Lemma first_crossing (r : nat -> R) (t : R) :
  (forall i j, (i <= j)%nat -> r i <= r j) -> (exists n, t < r n) ->
  exists m, (forall k, (k < m)%nat -> r k <= t) /\ (forall k, (m <= k)%nat -> t < r k).
Proof.
  intros Hmono [n Hn]. induction n as [| n IH].
  - exists 0%nat. split; [intros; lia |].
    intros k _. pose proof (Hmono 0%nat k ltac:(lia)). lra.
  - destruct (Rlt_le_dec t (r n)) as [Hlt | Hle]; [now apply IH |].
    exists (S n). split.
    + intros k Hk. pose proof (Hmono k n ltac:(lia)). lra.
    + intros k Hk. pose proof (Hmono (S n) k Hk). lra.
Qed.

Section Series_comparison.

Variables (A alpha : nat -> R) (P F Y w : R).
Hypotheses (Hw : 0 < w < 1) (HA0 : A 0%nat = 1) (Halpha0 : alpha 0%nat = 1)
  (Halpha_neg : forall n, alpha (S n) < 0)
  (HP : is_series A P) (HF : is_series (fun n => A n * w ^ n) F)
  (Halpha : is_series alpha 0) (HY : is_series (fun n => alpha n * w ^ n) Y).

Lemma series_comparison_upper Q :
  (forall n, A (S n) < Q * - alpha (S n)) -> P - F < Q * Y.
Proof.
  intros HAQ.
  assert (HT : is_series (fun n => (1 - w ^ n) * (- Q * alpha n - A n)) (Q * Y - (P - F))).
  { pose proof (is_series_plus _ _ _ _ (is_series_scal_l (- Q) _ _ Halpha) (is_series_opp _ _ HP)) as H1.
    pose proof (is_series_plus _ _ _ _ (is_series_scal_l Q _ _ HY) HF) as H2.
    refine (is_series_ext_eq _ _ _ _ _ _ (is_series_plus _ _ _ _ H1 H2));
      [intros n |]; unfold plus, opp, scal; simpl; unfold mult; simpl; ring. }
  assert (Hterm : forall n, 0 < (1 - w ^ S n) * (- Q * alpha (S n) - A (S n))).
  { intros n. pose proof (pow_lt_decr w 0 (S n) Hw ltac:(lia)). specialize (HAQ n). simpl in *.
    apply Rmult_lt_0_compat; lra. }
  pose proof (is_series_ge_term _ _ 1 HT) as H.
  assert (0 < Q * Y - (P - F)); [| lra].
  apply Rlt_le_trans with ((1 - w ^ 1) * (- Q * alpha 1%nat - A 1%nat)); [apply Hterm |].
  apply H. intros [| n]; [simpl; lra | left; apply Hterm].
Qed.


Lemma series_comparison_lower :
  (forall n, A (S n) / - alpha (S n) < A (S (S n)) / - alpha (S (S n))) -> (P - 1) * Y < P - F.
Proof.
  intros Hincr.
  set (r := fun n => A (S n) / - alpha (S n)). set (t := P - 1).
  set (E := fun n => A (S n) + t * alpha (S n)).
  assert (HEr : forall n, E n = - alpha (S n) * (r n - t)).
  { intros n. unfold E, r. specialize (Halpha_neg n). field. lra. }
  assert (Hmono : forall i j, (i <= j)%nat -> r i <= r j).
  { induction 1 as [| j _ IH]; [lra |]. specialize (Hincr j). unfold r in *. lra. }
  pose proof (is_series_shift _ _ HP) as HA1. rewrite HA0 in HA1. fold t in HA1.
  pose proof (is_series_shift _ _ Halpha) as Halpha1. rewrite Halpha0 in Halpha1.
  assert (HE : is_series E 0).
  { refine (is_series_ext_eq _ _ _ _ _ _
      (is_series_plus _ _ _ _ HA1 (is_series_scal_l t _ _ Halpha1)));
      [intros n |]; unfold plus, scal; simpl; unfold mult; simpl; unfold E; ring. }
  assert (Hcross : exists n, t < r n).
  { destruct (Rlt_le_dec t (r 1%nat)) as [H1 | H1]; [now exists 1%nat |].
    destruct (is_series_0_pos_term E 0 HE) as [n Hn].
    - rewrite HEr. specialize (Halpha_neg 0%nat). specialize (Hincr 0%nat).
      fold (r 0%nat) (r 1%nat) in Hincr. nra.
    - exists n. rewrite HEr in Hn. specialize (Halpha_neg n). nra. }
  destruct (first_crossing r t Hmono Hcross) as [m [Hbelow Habove]].
  pose proof (is_series_shift _ _ HF) as HF1. simpl in HF1. rewrite HA0, Rmult_1_l in HF1.
  pose proof (is_series_shift _ _ HY) as HY1. simpl in HY1. rewrite Halpha0, Rmult_1_l in HY1.
  (* The weight [w ^ m - w ^ (n + 1)] has the sign of [n + 1 - m], hence the sign of [E n]. *)
  assert (HD : is_series (fun n => E n * (w ^ m - w ^ S n)) (P - F - t * Y)).
  { refine (is_series_ext_eq _ _ _ _ _ _ (is_series_plus _ _ _ _
      (is_series_scal_l (w ^ m) _ _ HE)
      (is_series_opp _ _ (is_series_plus _ _ _ _ HF1 (is_series_scal_l t _ _ HY1)))));
      [intros n |]; unfold plus, opp, scal; simpl; unfold mult; simpl; unfold E, t; ring. }
  assert (Hterm : forall n, 0 <= E n * (w ^ m - w ^ S n)).
  { intros n. rewrite HEr, Rmult_assoc. specialize (Halpha_neg n).
    apply Rmult_le_pos; [lra |]. destruct (Nat.lt_ge_cases n m) as [Hn | Hn].
    - specialize (Hbelow n Hn). pose proof (pow_le_decr w (S n) m Hw Hn). nra.
    - specialize (Habove n Hn). pose proof (pow_lt_decr w m (S n) Hw ltac:(lia)). nra. }
  pose proof (is_series_ge_term _ _ m HD Hterm) as Hm.
  assert (0 < E m * (w ^ m - w ^ S m)); [| lra].
  rewrite HEr. specialize (Halpha_neg m). specialize (Habove m (le_n m)).
  pose proof (pow_lt_decr w m (S m) Hw (Nat.lt_succ_diag_r m)).
  apply Rmult_lt_0_compat; [| lra]. apply Rmult_lt_0_compat; lra.
Qed.

End Series_comparison.

Theorem lemma5p2 (a b c w : R) :
  0 < a -> 0 < b -> a + b < c -> c < a + b + 1 -> 0 < w < 1 ->
  0 < P_abc a b c - 1 /\
  P_abc a b c - 1 < (P_abc a b c - hyp2F1 a b c w) / Rpower (1 - w) (c - a - b) /\
  (P_abc a b c - hyp2F1 a b c w) / Rpower (1 - w) (c - a - b) < Q_abc a b c.
Proof.
  intros Ha Hb Hc_gt Hc_lt Hw.
  pose proof (is_series_hyp_coef_Gauss a b c Ha Hb Hc_gt Hc_lt) as HP.
  pose proof (is_series_hyp2F1 a b c Ha Hb Hc_gt Hc_lt w ltac:(lra)) as HF.
  pose proof (is_series_binom_coef (c - a - b) w ltac:(lra) ltac:(lra)) as HY.
  pose proof (is_series_binom_coef_1 (c - a - b) ltac:(lra)) as Halpha.
  assert (HY_pos : 0 < Rpower (1 - w) (c - a - b)) by apply exp_pos.
  pose proof (fun n => binom_coef_S_neg (c - a - b) n ltac:(lra)) as Halpha_neg.
  split; [| split].
  - pose proof (is_series_shift _ _ HP) as HP1. rewrite hyp_coef_0 in HP1.
    apply Rlt_le_trans with (hyp_coef a b c 1); [apply hyp_coef_pos; lra |].
    apply (is_series_ge_term _ _ 0 HP1). intros n. left. apply hyp_coef_pos; lra.
  - apply (Rlt_div_r _ _ _ HY_pos).
    apply (series_comparison_lower _ _ _ _ _ _ Hw (hyp_coef_0 a b c) (binom_coef_0 _) Halpha_neg
             HP HF Halpha HY).
    exact (coef_ratio_lt_S a b c Ha Hb Hc_gt Hc_lt).
  - apply (Rlt_div_l _ _ _ HY_pos).
    exact (series_comparison_upper _ _ _ _ _ _ Hw HP HF Halpha HY _
             (hyp_coef_S_lt a b c Ha Hb Hc_gt Hc_lt)).
Qed.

──────────────────────────────

WORK INSTRUCTIONS: The expected answer is a copy of each line above containing "Habove".

SOLUTION BELOW:
  destruct (first_crossing r t Hmono Hcross) as [m [Hbelow Habove]].
    - specialize (Habove n Hn). pose proof (pow_lt_decr w m (S n) Hw ltac:(lia)). nra. }
  rewrite HEr. specialize (Halpha_neg m). specialize (Habove m (le_n m)).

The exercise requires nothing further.